- **WORK TASK**
The answer should consist of all the records, copied exactly.

Records contained in a dataset:
◇ ◇ ◇

Ltac within1_solve i j :=
  apply: within1;
  first [left; vec_ring | right; first [exists i; incident_solve | exists j; incident_solve]].

Lemma square_edge_near_vertex i j s E y :
  E \in square_edges i j s -> y \in square_vertices i j s ->
  exists2 w, incident E w & within +%R 1 w y.
Proof.
have endpoint a k y' : within +%R 1 a y' \/ within +%R 1 (a + ebas k) y' ->
    exists2 w, incident (a, k) w & within +%R 1 w y'.
  by case=> H; [exists a; first left | exists (a + ebas k); first right].
rewrite /square_edges /square_vertices !inE => /or4P[]/eqP-> /or4P[]/eqP->;
  apply: endpoint; first [left; within1_solve i j | right; within1_solve i j].
Qed.

Definition square_type := (eclass * eclass)%type.

Definition nondegenerate (st : square_type) : bool := st.1.1 != st.2.1.

Definition square_at (st : square_type) (s : vec) : Prop :=
  parity_class (s, st.1.1) = st.1 /\ parity_class (s, st.2.1) = st.2.

Lemma square_edge_class st s E : nondegenerate st -> square_at st s ->
  E \in square_edges st.1.1 st.2.1 s ->
  parity_class E = if E.2 == st.1.1 then st.1 else st.2.
Proof.
case: st => [[i p] [j q]]; rewrite /nondegenerate /square_at /parity_class /=.
move=> hij [[<-] [<-]]; rewrite /square_edges !inE => /or4P[]/eqP-> /=;
  by rewrite ?coord_even_shift ?eqxx ?(eq_sym j i) ?(negbTE hij).
Qed.

Ltac partner_try E' hji :=
  exists E'; [ by rewrite !inE eqxx ?orbT
             | split; [incident_solve | by rewrite /= eqxx ?hji] ].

◇ ◇ ◇

- **OUTPUT FOR THIS TASK**
Ltac within1_solve i j :=
  apply: within1;
  first [left; vec_ring | right; first [exists i; incident_solve | exists j; incident_solve]].

Lemma square_edge_near_vertex i j s E y :
  E \in square_edges i j s -> y \in square_vertices i j s ->
  exists2 w, incident E w & within +%R 1 w y.
Proof.
have endpoint a k y' : within +%R 1 a y' \/ within +%R 1 (a + ebas k) y' ->
    exists2 w, incident (a, k) w & within +%R 1 w y'.
  by case=> H; [exists a; first left | exists (a + ebas k); first right].
rewrite /square_edges /square_vertices !inE => /or4P[]/eqP-> /or4P[]/eqP->;
  apply: endpoint; first [left; within1_solve i j | right; within1_solve i j].
Qed.

Definition square_type := (eclass * eclass)%type.

Definition nondegenerate (st : square_type) : bool := st.1.1 != st.2.1.

Definition square_at (st : square_type) (s : vec) : Prop :=
  parity_class (s, st.1.1) = st.1 /\ parity_class (s, st.2.1) = st.2.

Lemma square_edge_class st s E : nondegenerate st -> square_at st s ->
  E \in square_edges st.1.1 st.2.1 s ->
  parity_class E = if E.2 == st.1.1 then st.1 else st.2.
Proof.
case: st => [[i p] [j q]]; rewrite /nondegenerate /square_at /parity_class /=.
move=> hij [[<-] [<-]]; rewrite /square_edges !inE => /or4P[]/eqP-> /=;
  by rewrite ?coord_even_shift ?eqxx ?(eq_sym j i) ?(negbTE hij).
Qed.

Ltac partner_try E' hji :=
  exists E'; [ by rewrite !inE eqxx ?orbT
             | split; [incident_solve | by rewrite /= eqxx ?hji] ].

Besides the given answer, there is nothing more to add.